As the Supreme Court’s expected decision to overturn Roe v. Wade looms over Washington, Sen. Elizabeth Warren (D-MA) has announced sweeping legislation to ban the sale of location and health data.
Warren’s Health and Location Protection Act — cosponsored by a slate of Democratic senators, including Sens. Bernie Sanders (I-VT) and Ron Wyden (D-OR) — would bar “data brokers from selling or transferring location data and health data.” There are few limitations, making the bill one of the most strident proposals aimed at regulating data sales.
“Data brokers profit from the location data of millions of people, posing serious risks to Americans everywhere by selling their most private information,” Warren said in a statement on Wednesday. “With this extremist Supreme Court poised to overturn Roe v. Wade and states seeking to criminalize essential health care, it is more crucial than ever for Congress to protect consumers’ sensitive data.”
“Data brokers profit from the location data of millions of people, posing serious risks to Americans everywhere by selling their most private information.”
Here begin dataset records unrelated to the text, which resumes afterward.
(* Let $T\ge 2$ and $1\le k<\lceil T/2\rceil$; put $T_c=\lceil T/(2k-1)\rceil$ and $T_{\text{last}}=T-(2k-1)(T_c-1)$. For $j\in\{1,\dots,T_c-1\}$ let $\mathcal{P}_j$ be the set of distinct vectors among $\{\mathbf{0}_{2k-1},\mathbf{1}_{2k-1},\mathbf{e}^{2k-1}_1,\dots,\mathbf{e}^{2k-1}_{2k-1}\}\subseteq\mathbb{F}_2^{2k-1}$, and let $\mathcal{P}_{T_c}$ be the set of distinct vectors among $\{\mathbf{0}_{T_{\text{last}}},\mathbf{1}_{T_{\text{last}}},\mathbf{e}^{T_{\text{last}}}_1,\dots,\mathbf{e}^{T_{\text{last}}}_{T_{\text{last}}}\}\subseteq\mathbb{F}_2^{T_{\text{last}}}$. Let $\mathbf{P}$ be the matrix whose rows are all concatenations $(\mathbf{v}_1,\mathbf{v}_2,\dots,\mathbf{v}_{T_c})\in\mathbb{F}_2^T$ with $\mathbf{v}_j\in\mathcal{P}_j$ for each $j$ (one row per element of $\mathcal{P}_1\times\cdots\times\mathcal{P}_{T_c}$). Then $\mathbf{P}$ has $\prod_{j=1}^{T_c}|\mathcal{P}_j|$ rows, which equals $2^T$ if $k=1$, $2(2k+1)^{T_c-1}$ if $k\ne1$ and $T_{\text{last}}=1$, and $(2k+1)^{T_c-1}(T_{\text{last}}+2)$ otherwise; and every vector of $\mathbb{F}_2^T$ is the sum over $\mathbb{F}_2$ of at most $k$ rows of $\mathbf{P}$.
   Context: $\mathbf{0}_j$ and $\mathbf{1}_j$ denote the all-zero and all-ones row vectors of length $j$, and $\mathbf{e}^j_i$ is the length-$j$ row vector with a single $1$ in position $i$. *)

From HB Require Import structures.
From mathcomp Require Import all_boot all_order all_algebra.
Set Implicit Arguments. Unset Strict Implicit. Unset Printing Implicit Defensive.
Import GRing.Theory.
Local Open Scope ring_scope.

Definition ceil_div (a b : nat) : nat := ((a + b.-1) %/ b)%N.

Definition blen (k : nat) : nat := (2 * k - 1)%N.
Definition Tc (T k : nat) : nat := ceil_div T (blen k).
Definition Tlast (T k : nat) : nat := (T - blen k * (Tc T k).-1)%N.

(* size of block j (0-indexed, j = 0 .. Tc-1): 2k-1 for j < Tc-1, T_last for the last *)
Definition blk_size (T k j : nat) : nat :=
  if (j.+1 < Tc T k)%N then blen k else Tlast T k.

Definition Pset (n : nat) : {set 'rV['F_2]_n} :=
  (0 : 'rV['F_2]_n) |: (const_mx 1 |: [set delta_mx 0 i | i : 'I_n]).

(* P_{j+1} (0-indexed j) *)
Definition Pblk (T k j : nat) : {set 'rV['F_2]_(blk_size T k j)} :=
  Pset (blk_size T k j).

(* entry at nat position m of v (0 outside range) *)
Definition entry (T : nat) (v : 'rV['F_2]_T) (m : nat) : 'F_2 :=
  if insub m is Some i then v 0 i else 0.

Definition block (T k : nat) (v : 'rV['F_2]_T) (j : nat) : 'rV['F_2]_(blk_size T k j) :=
  \row_(i < blk_size T k j) entry v (blen k * j + i).

(* rows of P: the concatenations (v_1, ..., v_{T_c}) with v_j in P_j,
   i.e. the vectors of F_2^T whose j-th block lies in P_j for every j *)
Definition Prows (T k : nat) : {set 'rV['F_2]_T} :=
  [set v | [forall j : 'I_(Tc T k), block k v j \in Pblk T k j]].

Definition row_count (T k : nat) : nat :=
  if k == 1%N then (2 ^ T)%N
  else if Tlast T k == 1%N then (2 * (2 * k + 1) ^ (Tc T k).-1)%N
  else ((2 * k + 1) ^ (Tc T k).-1 * (Tlast T k + 2))%N.

From HB Require Import structures.
From mathcomp Require Import all_boot all_order all_algebra.
From mathcomp Require Import zify.
Import GRing.Theory.
Set Implicit Arguments. Unset Strict Implicit.
Local Open Scope ring_scope.

(* Each block has at most 2k - 1 coordinates. A block vector whose support has
   at most k ones is the sum of those unit vectors; otherwise its complement
   has fewer than k ones, and the vector is the all-ones vector plus the unit
   vectors of the complement. Padding every block cover with zero vectors to
   exactly k terms and concatenating the t-th terms across the blocks yields k
   rows of P summing to the given vector. *)

Lemma divn_modn_mulnDr b j i : (i < b)%N ->
  ((b * j + i) %/ b = j)%N /\ ((b * j + i) %% b = i)%N.
Proof.
move=> i_lt; have b_gt0 : (0 < b)%N by apply: leq_ltn_trans i_lt.
by rewrite mulnC divnMDl // modnMDl divn_small ?modn_small ?addn0.
Qed.

Lemma F2_eq0_or_eq1 (a : 'F_2) : a = 0 \/ a = 1.
Proof. by case: a => [[|[|n]] lt_n2] //=; [left|right]; apply/val_inj. Qed.

Section UnitVectorSet.
Variable n : nat.

Lemma delta_row_inj : injective (fun i : 'I_n => delta_mx 0 i : 'rV['F_2]_n).
Proof.
move=> i j /(congr1 (fun M : 'rV['F_2]_n => M 0 i)); rewrite !mxE !eqxx /=.
by case: eqP => // _ /eqP; rewrite eq_sym oner_eq0.
Qed.

Lemma card_Pset : (0 < n)%N -> #|Pset n| = (if n == 1%N then 2 else n + 2)%N.
Proof.
move=> n_gt0; rewrite /Pset; set D := [set _ | _ in _].
have cardD : #|D| = n by rewrite card_imset ?card_ord //; apply: delta_row_inj.
have zero_neq1 : (0 : 'rV['F_2]_n) != const_mx 1.
  apply/eqP => /(congr1 (fun M : 'rV['F_2]_n => M 0 (Ordinal n_gt0))).
  by move/esym/eqP; rewrite !mxE oner_eq0.
have zero_notin_D : (0 : 'rV['F_2]_n) \notin D.
  apply/imsetP => -[i _] /(congr1 (fun M : 'rV['F_2]_n => M 0 i)).
  by move/esym/eqP; rewrite !mxE !eqxx oner_eq0.
rewrite cardsU1 in_setU1 negb_or zero_neq1 zero_notin_D cardsU1 cardD /=.
have [n1 | n_neq1] := eqVneq n 1%N.
  subst n; suff -> : const_mx 1 \in D by [].
  by apply/imsetP; exists ord0 => //; apply/matrixP => i j; rewrite !mxE !ord1.
suff -> : const_mx 1 \notin D by rewrite /=; lia.
apply/imsetP => -[i _].
have [j] : exists j : 'I_n, j \in [set~ i].
  by apply/card_gt0P; rewrite cardsC1 card_ord; lia.
rewrite !inE => j_neq_i.
move/(congr1 (fun M : 'rV['F_2]_n => M 0 j)) /eqP.
by rewrite !mxE (negbTE j_neq_i) oner_eq0.
Qed.

Lemma sum_delta_rowE (A : {set 'I_n}) l :
  (\sum_(i in A) delta_mx 0 i : 'rV['F_2]_n) 0 l = (l \in A)%:R.
Proof.
rewrite summxE; under eq_bigr => i _ do rewrite mxE eqxx /=.
have [l_in_A | l_notin_A] := boolP (l \in A).
  rewrite (bigD1 l) //= eqxx big1 ?addr0 // => i /andP[_ i_neq_l].
  by rewrite eq_sym (negbTE i_neq_l).
by rewrite big1 // => i i_in_A; case: eqP l_notin_A => // ->; rewrite i_in_A.
Qed.

Lemma Pset_cover k (y : 'rV['F_2]_n) : (n <= 2 * k - 1)%N ->
  exists s : seq 'rV['F_2]_n,
    [/\ (size s <= k)%N, all (mem (Pset n)) s & \sum_(r <- s) r = y].
Proof.
move=> n_le; set S : {set 'I_n} := [set i | y 0 i != 0].
pose units (A : {set 'I_n}) := [seq delta_mx 0 i : 'rV['F_2]_n | i <- enum A].
have units_in_Pset (A : {set 'I_n}) : all (mem (Pset n)) (units A).
  by apply/allP => _ /mapP[i _ ->]; rewrite !inE imset_f ?orbT.
have size_units (A : {set 'I_n}) : size (units A) = #|A|.
  by rewrite size_map -cardE.
have sum_units (A : {set 'I_n}) :
    \sum_(r <- units A) r = \sum_(i in A) delta_mx 0 i.
  by rewrite big_map big_enum.
have cardSC := cardsC S; rewrite card_ord in cardSC.
have [S_le_k | k_lt_S] := leqP #|S| k.
  exists (units S); split => //; first by rewrite size_units.
  apply/matrixP => i l; rewrite ord1 sum_units sum_delta_rowE inE.
  by case: (F2_eq0_or_eq1 (y 0 l)) => ->.
exists (const_mx 1 :: units (~: S)); split.
- by rewrite /= size_units; lia.
- by rewrite /= units_in_Pset andbT !inE eqxx orbT.
- apply/matrixP => i l; rewrite ord1 big_cons sum_units mxE sum_delta_rowE.
  rewrite mxE !inE.
  case: (F2_eq0_or_eq1 (y 0 l)) => ->; rewrite ?eqxx ?oner_eq0 /= ?addr0 //.
  exact: (pchar_Fp_0 (isT : prime 2)).
Qed.

End UnitVectorSet.

Lemma entry_ord n (v : 'rV['F_2]_n) (i : 'I_n) : entry v i = v 0 i.
Proof. by rewrite /entry valK. Qed.

Lemma entry_lt n (v : 'rV['F_2]_n) m (m_lt : (m < n)%N) :
  entry v m = v 0 (Ordinal m_lt).
Proof. by rewrite /entry insubT. Qed.

Section Blocks.
Variables T k : nat.
Hypotheses (k_gt0 : (0 < k)%N) (T_gt0 : (0 < T)%N).

Let blen_gt0 : (0 < blen k)%N.
Proof. rewrite /blen; lia. Qed.

Lemma Tc_bounds : (blen k * (Tc T k).-1 < T <= blen k * Tc T k)%N.
Proof.
rewrite /Tc /ceil_div; set b := blen k.
have := divn_eq (T + b.-1) b; have := ltn_pmod (T + b.-1) blen_gt0.
set q := (_ %/ _)%N; set r := (_ %% _)%N; nia.
Qed.

Lemma Tc_gt0 : (0 < Tc T k)%N.
Proof. have := Tc_bounds; nia. Qed.

Lemma Tlast_gt0 : (0 < Tlast T k)%N.
Proof. have := Tc_bounds; rewrite /Tlast; lia. Qed.

Lemma Tlast_le_blen : (Tlast T k <= blen k)%N.
Proof. have := Tc_bounds; have := Tc_gt0; rewrite /Tlast; nia. Qed.

Lemma blk_size_le_blen j : (blk_size T k j <= blen k)%N.
Proof. by rewrite /blk_size; case: ifP => // _; apply: Tlast_le_blen. Qed.

Lemma blk_size_gt0 j : (0 < blk_size T k j)%N.
Proof. by rewrite /blk_size; case: ifP => // _; apply: Tlast_gt0. Qed.

Lemma block_pos_lt j i :
  (j < Tc T k)%N -> (i < blk_size T k j)%N -> (blen k * j + i < T)%N.
Proof. have := Tc_bounds; rewrite /blk_size /Tlast; case: ifP; nia. Qed.

Lemma pos_in_block m : (m < T)%N ->
  (m %/ blen k < Tc T k)%N /\ (m %% blen k < blk_size T k (m %/ blen k))%N.
Proof.
have := Tc_bounds; have := divn_eq m (blen k); have := ltn_pmod m blen_gt0.
rewrite /blk_size /Tlast; set q := (m %/ _)%N; set r := (m %% _)%N.
case: ifP => *; split; nia.
Qed.

Local Notation blocks := (forall j : 'I_(Tc T k), 'rV['F_2]_(blk_size T k j)).

Definition concat_blocks (F : blocks) : 'rV['F_2]_T :=
  \row_(m < T)
    if (insub (m %/ blen k)%N : option 'I_(Tc T k)) is Some j
    then entry (F j) (m %% blen k)%N else 0.

Lemma block_concat (F : blocks) (j : 'I_(Tc T k)) :
  block k (concat_blocks F) j = F j.
Proof.
apply/matrixP => a i; rewrite ord1 mxE.
rewrite (entry_lt _ (block_pos_lt (ltn_ord j) (ltn_ord i))) mxE.
have [-> ->] := divn_modn_mulnDr j (leq_trans (ltn_ord i) (blk_size_le_blen j)).
by rewrite valK entry_ord.
Qed.

Lemma block_inj (v w : 'rV['F_2]_T) :
  (forall j : 'I_(Tc T k), block k v j = block k w j) -> v = w.
Proof.
move=> eq_blocks; apply/matrixP => a m; rewrite ord1.
have [j_lt i_lt] := pos_in_block (ltn_ord m).
have := congr1 (fun u : 'rV_(blk_size T k (m %/ blen k)) => u 0 (Ordinal i_lt))
  (eq_blocks (Ordinal j_lt)).
by rewrite !mxE /= mulnC -divn_eq !entry_ord.
Qed.

Lemma block_sum (s : seq 'rV['F_2]_T) (j : 'I_(Tc T k)) :
  block k (\sum_(r <- s) r) j = \sum_(r <- s) block k r j.
Proof.
apply/matrixP => a i; rewrite summxE mxE; under [RHS]eq_bigr do rewrite mxE.
by rewrite /entry; case: insub => [m|]; rewrite ?summxE // big1.
Qed.

Lemma card_Prows : #|Prows T k| = (\prod_(j < Tc T k) #|Pblk T k j|)%N.
Proof.
pose fT := {dffun blocks}.
pose inP (j : 'I_(Tc T k)) (v : 'rV['F_2]_(blk_size T k j)) := v \in Pblk T k j.
have concat_inj : injective (fun f : fT => concat_blocks f).
  move=> f g /(congr1 (fun v => block k v _)) eq_fg; apply/ffunP => j.
  by have := eq_fg j; rewrite !block_concat.
have -> : Prows T k = [set concat_blocks f | f : fT in family inP].
  apply/setP => v; rewrite inE.
  apply/forallP/imsetP => [v_blocks | [f f_in ->] j].
    exists [ffun j : 'I_(Tc T k) => block k v j].
      by apply/familyP => j; rewrite ffunE; apply: v_blocks.
    by apply: (block_inj (v := v)) => j; rewrite block_concat ffunE.
  by rewrite block_concat; apply: (familyP f_in).
by rewrite card_imset // card_family foldrE big_image.
Qed.

Lemma card_Pblk j :
  #|Pblk T k j| = (if blk_size T k j == 1%N then 2 else blk_size T k j + 2)%N.
Proof. exact/card_Pset/blk_size_gt0. Qed.

Lemma prod_card_Pblk : (\prod_(j < Tc T k) #|Pblk T k j|)%N = row_count T k.
Proof.
have [c Tc_eq] : exists c, Tc T k = c.+1.
  by exists (Tc T k).-1; rewrite prednK ?Tc_gt0.
under eq_bigr do rewrite card_Pblk.
rewrite Tc_eq big_ord_recr /=.
have inner_blk (j : 'I_c) : blk_size T k j = blen k.
  by rewrite /blk_size Tc_eq ltnS ltn_ord.
have -> : blk_size T k c = Tlast T k by rewrite /blk_size Tc_eq ltnn.
under eq_bigr do rewrite inner_blk.
rewrite prod_nat_const card_ord /row_count Tc_eq /=.
have [k1 | k_neq1] := eqVneq k 1%N.
  have blen1 : blen k = 1%N by rewrite k1.
  have Tlast1 : Tlast T k = 1%N.
    by have := Tlast_le_blen; have := Tlast_gt0; lia.
  have Tc_T : Tc T k = T by rewrite /Tc /ceil_div blen1 addn0 divn1.
  by rewrite blen1 Tlast1 /= -expnSr -Tc_eq Tc_T.
have -> : (blen k == 1%N) = false by rewrite /blen; lia.
have -> : (blen k + 2 = 2 * k + 1)%N by rewrite /blen; lia.
by case: eqP => _ //; rewrite mulnC.
Qed.

Lemma Prows_cover (x : 'rV['F_2]_T) :
  exists s : seq 'rV['F_2]_T,
    [/\ (size s <= k)%N, all (mem (Prows T k)) s & \sum_(r <- s) r = x].
Proof.
have block_cover j : exists s : seq 'rV['F_2]_(blk_size T k j),
    [&& size s == k, all (mem (Pblk T k j)) s & \sum_(r <- s) r == block k x j].
  have blk_le : (blk_size T k j <= 2 * k - 1)%N by apply: blk_size_le_blen.
  have [s [s_le s_in s_sum]] := Pset_cover (block k x j) blk_le.
  exists (s ++ nseq (k - size s) 0).
  rewrite size_cat size_nseq all_cat s_in big_cat /=.
  rewrite subnKC // eqxx big_nseq iter_addr_0 mul0rn addr0 s_sum eqxx andbT.
  by apply/allP => _ /nseqP[-> _]; rewrite !inE eqxx.
pose cover (j : 'I_(Tc T k)) := xchoose (block_cover j).
have /(_ _)/and3P coverP j := xchooseP (block_cover j).
pose row t := concat_blocks (fun j => nth 0 (cover j) t).
exists (mkseq row k); split; first by rewrite size_mkseq.
  apply/allP => r /mapP[t]; rewrite mem_iota => /andP[_ t_lt] ->.
  rewrite !inE; apply/forallP => j; rewrite block_concat.
  have [/eqP size_k /allP cover_in _] := coverP j.
  by apply: cover_in; rewrite mem_nth ?size_k.
apply: block_inj => j; rewrite block_sum big_map.
under eq_bigr do rewrite block_concat.
have [/eqP size_k _ /eqP <-] := coverP j.
by rewrite [RHS](big_nth 0) size_k /index_iota subn0.
Qed.

End Blocks.

Theorem mainTheorem6 (T k : nat) (hT : (2 <= T)%N) (hk1 : (1 <= k)%N)
    (hk2 : (k < ceil_div T 2)%N) :
  [/\ #|Prows T k| = (\prod_(j < Tc T k) #|Pblk T k j|)%N,
      (\prod_(j < Tc T k) #|Pblk T k j|)%N = row_count T k
    & forall x : 'rV['F_2]_T,
        exists s : seq 'rV['F_2]_T,
          [/\ (size s <= k)%N, all (fun r => r \in Prows T k) s
            & (\sum_(r <- s) r)%R = x]].
Proof.
have T_gt0 : (0 < T)%N by apply: leq_trans hT.
split; [exact: card_Prows | exact: prod_card_Pblk | exact: Prows_cover].
Qed.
If approved, the bill would empower the Federal Trade Commission, state attorneys general, and people hurt by an unlawful data sale to sue brokers found to have violated the law. The FTC would also receive an additional $1 billion over the next decade to aid in enforcing the law. The only exceptions to the bill apply to specific activities protected by HIPAA or the First Amendment, according to the text of the bill.
Motherboard was the first to report on Warren’s bill on Wednesday, following weeks of reporting describing how companies sell the location data belonging to smartphone users who have visited abortion clinics. In May, Motherboard reported that a location data firm, Placer.ai, allowed users to create “heat maps” of where abortion clinic visitors live.
“When abortion is illegal, researching reproductive health care online, updating a period-tracking app, or bringing a phone to the doctor’s office all could be used to track and prosecute women across the U.S. It amounts to uterus surveillance,” Wyden said in a Wednesday statement. “Congress must protect Americans’ privacy from abuse by far-right politicians who want to control women’s bodies.”
Last month, Warren signed on to a letter, led by Sen. Amy Klobuchar (D-MN), requesting that FTC Chair Lina Khan explain how the consumer protection agency investigates potential location tracking abuses and what resources it may need to better protect consumers.